**Instructions for the task**
Below are some records; quote exactly the lines from the one that contains "have [z Kz [/andP" through the one that contains "move=> t0 t1", inclusive, and no others.

(Collection entries)
<<<<
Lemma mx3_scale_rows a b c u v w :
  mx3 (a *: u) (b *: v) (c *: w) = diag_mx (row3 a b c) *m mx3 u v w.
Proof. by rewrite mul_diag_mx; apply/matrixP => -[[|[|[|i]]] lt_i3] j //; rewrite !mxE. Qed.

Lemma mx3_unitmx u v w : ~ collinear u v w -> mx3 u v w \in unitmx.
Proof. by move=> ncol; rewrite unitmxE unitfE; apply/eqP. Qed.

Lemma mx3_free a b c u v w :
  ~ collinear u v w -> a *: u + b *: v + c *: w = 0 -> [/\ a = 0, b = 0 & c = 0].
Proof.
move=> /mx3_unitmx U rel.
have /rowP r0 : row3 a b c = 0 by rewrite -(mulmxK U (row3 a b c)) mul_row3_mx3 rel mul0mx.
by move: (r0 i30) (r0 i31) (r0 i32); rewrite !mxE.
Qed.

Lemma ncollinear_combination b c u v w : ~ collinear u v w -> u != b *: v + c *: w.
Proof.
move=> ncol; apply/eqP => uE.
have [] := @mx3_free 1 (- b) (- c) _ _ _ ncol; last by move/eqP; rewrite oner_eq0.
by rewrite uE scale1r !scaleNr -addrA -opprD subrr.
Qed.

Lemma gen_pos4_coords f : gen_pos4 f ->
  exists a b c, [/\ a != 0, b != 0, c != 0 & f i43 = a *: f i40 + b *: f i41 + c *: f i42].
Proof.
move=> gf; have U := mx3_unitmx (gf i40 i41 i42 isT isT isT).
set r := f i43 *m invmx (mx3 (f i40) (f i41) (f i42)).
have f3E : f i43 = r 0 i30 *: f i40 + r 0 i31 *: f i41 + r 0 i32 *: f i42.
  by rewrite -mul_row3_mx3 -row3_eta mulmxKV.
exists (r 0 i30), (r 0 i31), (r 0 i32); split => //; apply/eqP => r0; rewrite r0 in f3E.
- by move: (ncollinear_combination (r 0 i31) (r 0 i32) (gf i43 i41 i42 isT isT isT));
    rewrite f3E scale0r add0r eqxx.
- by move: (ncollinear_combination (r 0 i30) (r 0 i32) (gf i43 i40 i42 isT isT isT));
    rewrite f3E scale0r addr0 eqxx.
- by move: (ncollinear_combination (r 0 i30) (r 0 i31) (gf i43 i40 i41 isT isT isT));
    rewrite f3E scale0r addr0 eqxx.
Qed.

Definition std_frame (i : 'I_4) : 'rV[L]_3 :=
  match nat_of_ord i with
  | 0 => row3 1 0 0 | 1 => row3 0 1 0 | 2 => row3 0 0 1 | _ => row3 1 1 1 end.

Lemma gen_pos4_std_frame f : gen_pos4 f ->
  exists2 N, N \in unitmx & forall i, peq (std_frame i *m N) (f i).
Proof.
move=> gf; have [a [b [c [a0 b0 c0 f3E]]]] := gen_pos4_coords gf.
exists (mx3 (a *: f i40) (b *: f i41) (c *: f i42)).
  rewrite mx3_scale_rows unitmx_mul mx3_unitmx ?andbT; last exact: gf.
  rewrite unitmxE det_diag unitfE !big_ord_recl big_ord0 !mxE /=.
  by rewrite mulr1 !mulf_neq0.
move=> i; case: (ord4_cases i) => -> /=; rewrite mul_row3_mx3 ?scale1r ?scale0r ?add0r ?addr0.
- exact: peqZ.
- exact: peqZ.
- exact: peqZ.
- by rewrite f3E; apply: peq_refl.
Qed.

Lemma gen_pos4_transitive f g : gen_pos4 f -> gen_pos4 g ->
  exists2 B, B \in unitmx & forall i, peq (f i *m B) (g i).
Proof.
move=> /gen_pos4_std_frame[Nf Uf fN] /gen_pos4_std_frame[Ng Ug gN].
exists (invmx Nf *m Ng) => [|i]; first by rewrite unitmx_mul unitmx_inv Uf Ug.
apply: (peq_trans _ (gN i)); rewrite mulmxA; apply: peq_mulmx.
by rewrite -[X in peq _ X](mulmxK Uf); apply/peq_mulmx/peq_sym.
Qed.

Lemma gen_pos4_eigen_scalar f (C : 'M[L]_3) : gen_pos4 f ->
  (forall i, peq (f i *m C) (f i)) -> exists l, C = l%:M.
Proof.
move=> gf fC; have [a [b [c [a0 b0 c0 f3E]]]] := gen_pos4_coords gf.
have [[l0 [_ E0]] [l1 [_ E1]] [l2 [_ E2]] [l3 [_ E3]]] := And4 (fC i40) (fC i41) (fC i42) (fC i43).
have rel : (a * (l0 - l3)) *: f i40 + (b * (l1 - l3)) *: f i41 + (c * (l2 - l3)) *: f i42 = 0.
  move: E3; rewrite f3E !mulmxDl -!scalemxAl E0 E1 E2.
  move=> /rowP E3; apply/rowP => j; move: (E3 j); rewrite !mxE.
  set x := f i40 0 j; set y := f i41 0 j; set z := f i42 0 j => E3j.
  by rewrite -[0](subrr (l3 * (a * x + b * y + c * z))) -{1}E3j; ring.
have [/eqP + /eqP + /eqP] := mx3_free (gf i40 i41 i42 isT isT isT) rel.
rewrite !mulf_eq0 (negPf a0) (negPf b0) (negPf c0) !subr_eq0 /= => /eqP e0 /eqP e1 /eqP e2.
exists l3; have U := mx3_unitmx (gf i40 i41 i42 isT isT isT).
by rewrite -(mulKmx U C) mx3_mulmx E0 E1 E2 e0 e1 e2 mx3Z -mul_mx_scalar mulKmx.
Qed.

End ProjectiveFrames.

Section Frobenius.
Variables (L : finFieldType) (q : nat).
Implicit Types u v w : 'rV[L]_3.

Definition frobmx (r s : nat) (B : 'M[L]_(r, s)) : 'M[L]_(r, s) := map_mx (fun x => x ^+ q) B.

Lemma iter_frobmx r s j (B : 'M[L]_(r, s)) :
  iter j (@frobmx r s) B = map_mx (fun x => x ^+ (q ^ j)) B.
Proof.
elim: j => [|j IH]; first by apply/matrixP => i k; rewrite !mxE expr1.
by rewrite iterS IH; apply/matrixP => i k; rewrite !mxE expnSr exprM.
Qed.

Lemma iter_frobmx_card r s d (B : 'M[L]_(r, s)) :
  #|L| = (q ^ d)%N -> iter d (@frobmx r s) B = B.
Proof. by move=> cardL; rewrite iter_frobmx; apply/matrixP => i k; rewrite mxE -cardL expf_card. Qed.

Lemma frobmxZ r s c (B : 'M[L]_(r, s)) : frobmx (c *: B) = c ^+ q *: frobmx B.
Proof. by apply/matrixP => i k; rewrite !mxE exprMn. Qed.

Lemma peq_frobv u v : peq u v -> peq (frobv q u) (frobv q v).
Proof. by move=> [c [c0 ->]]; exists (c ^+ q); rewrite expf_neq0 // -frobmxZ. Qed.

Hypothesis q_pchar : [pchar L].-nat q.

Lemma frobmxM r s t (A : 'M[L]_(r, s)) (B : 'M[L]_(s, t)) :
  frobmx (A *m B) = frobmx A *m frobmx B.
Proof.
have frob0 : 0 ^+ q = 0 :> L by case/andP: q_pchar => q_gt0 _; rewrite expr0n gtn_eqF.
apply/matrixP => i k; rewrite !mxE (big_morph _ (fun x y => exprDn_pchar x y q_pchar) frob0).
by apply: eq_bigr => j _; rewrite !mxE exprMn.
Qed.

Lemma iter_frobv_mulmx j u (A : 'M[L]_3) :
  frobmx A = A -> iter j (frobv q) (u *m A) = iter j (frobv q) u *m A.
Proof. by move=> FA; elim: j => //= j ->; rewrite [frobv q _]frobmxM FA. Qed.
>>>>
<<<<
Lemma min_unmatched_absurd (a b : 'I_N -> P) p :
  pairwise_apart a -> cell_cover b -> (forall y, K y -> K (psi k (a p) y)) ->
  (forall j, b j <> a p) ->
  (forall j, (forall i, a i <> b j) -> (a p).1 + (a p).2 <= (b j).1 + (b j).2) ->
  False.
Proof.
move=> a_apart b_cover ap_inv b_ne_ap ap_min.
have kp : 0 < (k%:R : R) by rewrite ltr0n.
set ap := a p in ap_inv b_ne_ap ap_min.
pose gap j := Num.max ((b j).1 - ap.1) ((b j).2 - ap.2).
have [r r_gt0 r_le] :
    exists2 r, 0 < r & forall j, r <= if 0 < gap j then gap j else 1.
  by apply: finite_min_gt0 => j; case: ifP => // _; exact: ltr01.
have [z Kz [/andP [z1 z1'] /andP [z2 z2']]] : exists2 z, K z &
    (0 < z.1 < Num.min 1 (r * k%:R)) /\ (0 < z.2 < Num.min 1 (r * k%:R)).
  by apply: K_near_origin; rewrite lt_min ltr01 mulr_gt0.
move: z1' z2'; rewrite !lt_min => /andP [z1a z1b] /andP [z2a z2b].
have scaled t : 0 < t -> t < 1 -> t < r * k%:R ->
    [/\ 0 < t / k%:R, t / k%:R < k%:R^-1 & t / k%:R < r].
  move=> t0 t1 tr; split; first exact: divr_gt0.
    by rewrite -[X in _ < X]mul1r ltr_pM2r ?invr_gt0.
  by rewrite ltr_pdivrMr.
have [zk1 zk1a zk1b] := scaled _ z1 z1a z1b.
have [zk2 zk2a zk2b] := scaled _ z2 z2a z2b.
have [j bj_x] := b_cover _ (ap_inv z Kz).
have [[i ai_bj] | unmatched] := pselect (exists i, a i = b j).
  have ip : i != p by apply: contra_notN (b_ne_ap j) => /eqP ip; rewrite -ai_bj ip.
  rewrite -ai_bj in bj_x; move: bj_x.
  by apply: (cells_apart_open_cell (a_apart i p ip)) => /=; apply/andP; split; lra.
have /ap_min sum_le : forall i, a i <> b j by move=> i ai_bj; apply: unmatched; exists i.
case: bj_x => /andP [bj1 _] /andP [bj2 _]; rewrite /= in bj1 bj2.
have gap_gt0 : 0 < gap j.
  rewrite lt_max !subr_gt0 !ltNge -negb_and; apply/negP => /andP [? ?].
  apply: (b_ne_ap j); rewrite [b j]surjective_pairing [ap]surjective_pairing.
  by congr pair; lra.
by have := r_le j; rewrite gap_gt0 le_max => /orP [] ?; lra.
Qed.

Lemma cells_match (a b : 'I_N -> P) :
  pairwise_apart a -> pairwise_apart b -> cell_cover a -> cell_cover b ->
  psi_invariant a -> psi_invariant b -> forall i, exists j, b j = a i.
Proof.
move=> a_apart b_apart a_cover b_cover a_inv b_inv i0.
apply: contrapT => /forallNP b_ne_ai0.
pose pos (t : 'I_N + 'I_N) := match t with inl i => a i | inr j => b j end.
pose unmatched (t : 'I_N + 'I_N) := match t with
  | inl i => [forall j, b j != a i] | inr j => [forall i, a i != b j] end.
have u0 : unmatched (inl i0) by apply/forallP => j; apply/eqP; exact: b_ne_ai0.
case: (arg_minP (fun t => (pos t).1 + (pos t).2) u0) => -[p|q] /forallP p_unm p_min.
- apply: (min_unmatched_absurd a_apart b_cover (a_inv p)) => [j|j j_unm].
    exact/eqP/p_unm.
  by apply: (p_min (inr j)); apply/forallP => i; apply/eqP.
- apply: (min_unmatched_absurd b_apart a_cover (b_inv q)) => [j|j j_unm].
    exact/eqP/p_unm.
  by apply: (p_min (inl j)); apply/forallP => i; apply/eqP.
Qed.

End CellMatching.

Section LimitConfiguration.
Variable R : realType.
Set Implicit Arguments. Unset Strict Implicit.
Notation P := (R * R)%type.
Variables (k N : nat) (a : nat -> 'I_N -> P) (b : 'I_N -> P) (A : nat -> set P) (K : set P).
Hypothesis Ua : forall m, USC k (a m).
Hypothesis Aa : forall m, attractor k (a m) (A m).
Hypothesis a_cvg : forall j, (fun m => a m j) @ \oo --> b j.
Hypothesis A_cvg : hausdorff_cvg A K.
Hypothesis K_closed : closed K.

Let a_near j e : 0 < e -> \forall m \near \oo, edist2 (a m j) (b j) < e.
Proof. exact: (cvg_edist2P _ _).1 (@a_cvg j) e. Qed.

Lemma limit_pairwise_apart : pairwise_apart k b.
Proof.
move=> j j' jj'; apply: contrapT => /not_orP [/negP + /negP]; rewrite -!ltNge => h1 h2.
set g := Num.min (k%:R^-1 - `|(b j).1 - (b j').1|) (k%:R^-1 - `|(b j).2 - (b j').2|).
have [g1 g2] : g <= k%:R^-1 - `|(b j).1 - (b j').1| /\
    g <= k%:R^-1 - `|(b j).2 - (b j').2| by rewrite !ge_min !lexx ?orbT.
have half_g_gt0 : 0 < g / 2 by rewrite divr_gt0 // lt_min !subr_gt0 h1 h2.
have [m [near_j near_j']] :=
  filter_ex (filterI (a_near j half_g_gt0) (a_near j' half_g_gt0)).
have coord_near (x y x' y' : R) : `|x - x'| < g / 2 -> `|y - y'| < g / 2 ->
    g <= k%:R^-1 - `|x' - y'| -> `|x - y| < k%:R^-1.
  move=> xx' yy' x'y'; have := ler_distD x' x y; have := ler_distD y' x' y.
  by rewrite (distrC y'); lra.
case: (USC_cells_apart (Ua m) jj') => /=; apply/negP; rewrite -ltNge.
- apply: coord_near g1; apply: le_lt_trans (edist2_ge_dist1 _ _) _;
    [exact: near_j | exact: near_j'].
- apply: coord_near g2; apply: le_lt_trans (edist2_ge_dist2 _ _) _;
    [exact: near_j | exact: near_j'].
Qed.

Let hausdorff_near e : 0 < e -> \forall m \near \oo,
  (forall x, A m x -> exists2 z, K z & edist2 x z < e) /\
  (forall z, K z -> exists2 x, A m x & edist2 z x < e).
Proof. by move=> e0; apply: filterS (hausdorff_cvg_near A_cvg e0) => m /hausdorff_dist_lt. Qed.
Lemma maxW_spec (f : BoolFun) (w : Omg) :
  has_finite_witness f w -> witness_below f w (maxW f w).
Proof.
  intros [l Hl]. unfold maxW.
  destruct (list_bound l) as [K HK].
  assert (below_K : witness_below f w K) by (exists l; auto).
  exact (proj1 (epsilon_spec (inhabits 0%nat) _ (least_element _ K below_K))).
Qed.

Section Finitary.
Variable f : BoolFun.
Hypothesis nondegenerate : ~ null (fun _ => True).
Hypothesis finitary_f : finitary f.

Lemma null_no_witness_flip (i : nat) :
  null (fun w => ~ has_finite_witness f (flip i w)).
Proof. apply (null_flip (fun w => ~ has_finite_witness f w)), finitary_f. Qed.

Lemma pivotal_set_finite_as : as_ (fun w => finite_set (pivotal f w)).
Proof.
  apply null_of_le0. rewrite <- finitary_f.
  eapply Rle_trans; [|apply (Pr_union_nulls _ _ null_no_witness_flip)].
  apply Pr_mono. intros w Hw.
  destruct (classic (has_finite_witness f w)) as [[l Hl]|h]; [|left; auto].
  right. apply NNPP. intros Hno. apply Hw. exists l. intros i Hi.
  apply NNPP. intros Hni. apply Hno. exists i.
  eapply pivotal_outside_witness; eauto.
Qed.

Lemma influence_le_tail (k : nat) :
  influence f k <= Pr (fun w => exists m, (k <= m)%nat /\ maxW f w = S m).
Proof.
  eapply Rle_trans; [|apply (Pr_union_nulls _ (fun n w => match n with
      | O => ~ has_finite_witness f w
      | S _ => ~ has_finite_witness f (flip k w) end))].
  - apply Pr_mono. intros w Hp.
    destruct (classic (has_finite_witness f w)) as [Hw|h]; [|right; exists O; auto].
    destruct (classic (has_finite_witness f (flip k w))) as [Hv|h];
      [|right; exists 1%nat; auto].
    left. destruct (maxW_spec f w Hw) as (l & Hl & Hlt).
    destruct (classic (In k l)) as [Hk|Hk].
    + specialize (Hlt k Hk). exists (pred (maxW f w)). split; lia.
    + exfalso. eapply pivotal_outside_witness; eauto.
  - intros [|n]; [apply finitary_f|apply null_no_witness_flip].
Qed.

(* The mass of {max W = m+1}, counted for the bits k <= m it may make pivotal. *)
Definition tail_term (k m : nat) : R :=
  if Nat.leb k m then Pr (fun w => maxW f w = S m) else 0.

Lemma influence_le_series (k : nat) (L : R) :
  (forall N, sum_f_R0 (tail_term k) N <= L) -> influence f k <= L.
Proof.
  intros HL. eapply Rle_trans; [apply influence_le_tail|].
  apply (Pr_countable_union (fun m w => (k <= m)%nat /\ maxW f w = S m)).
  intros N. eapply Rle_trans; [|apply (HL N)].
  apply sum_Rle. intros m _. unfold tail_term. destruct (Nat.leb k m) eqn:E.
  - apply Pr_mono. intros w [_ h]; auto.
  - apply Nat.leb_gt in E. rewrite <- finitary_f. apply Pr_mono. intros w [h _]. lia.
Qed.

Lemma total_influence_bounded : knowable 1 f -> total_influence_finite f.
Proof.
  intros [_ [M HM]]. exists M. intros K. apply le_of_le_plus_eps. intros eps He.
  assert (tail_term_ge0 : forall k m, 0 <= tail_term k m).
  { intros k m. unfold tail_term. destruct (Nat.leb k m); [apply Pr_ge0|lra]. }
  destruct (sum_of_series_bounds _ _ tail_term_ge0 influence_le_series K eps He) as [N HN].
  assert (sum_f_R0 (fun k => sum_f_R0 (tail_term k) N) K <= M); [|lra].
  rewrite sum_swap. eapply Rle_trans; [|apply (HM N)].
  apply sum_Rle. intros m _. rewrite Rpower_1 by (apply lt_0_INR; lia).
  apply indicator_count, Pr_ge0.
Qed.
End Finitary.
>>>>
**Result for this task**
have [z Kz [/andP [z1 z1'] /andP [z2 z2']]] : exists2 z, K z &
    (0 < z.1 < Num.min 1 (r * k%:R)) /\ (0 < z.2 < Num.min 1 (r * k%:R)).
  by apply: K_near_origin; rewrite lt_min ltr01 mulr_gt0.
move: z1' z2'; rewrite !lt_min => /andP [z1a z1b] /andP [z2a z2b].
have scaled t : 0 < t -> t < 1 -> t < r * k%:R ->
    [/\ 0 < t / k%:R, t / k%:R < k%:R^-1 & t / k%:R < r].
  move=> t0 t1 tr; split; first exact: divr_gt0.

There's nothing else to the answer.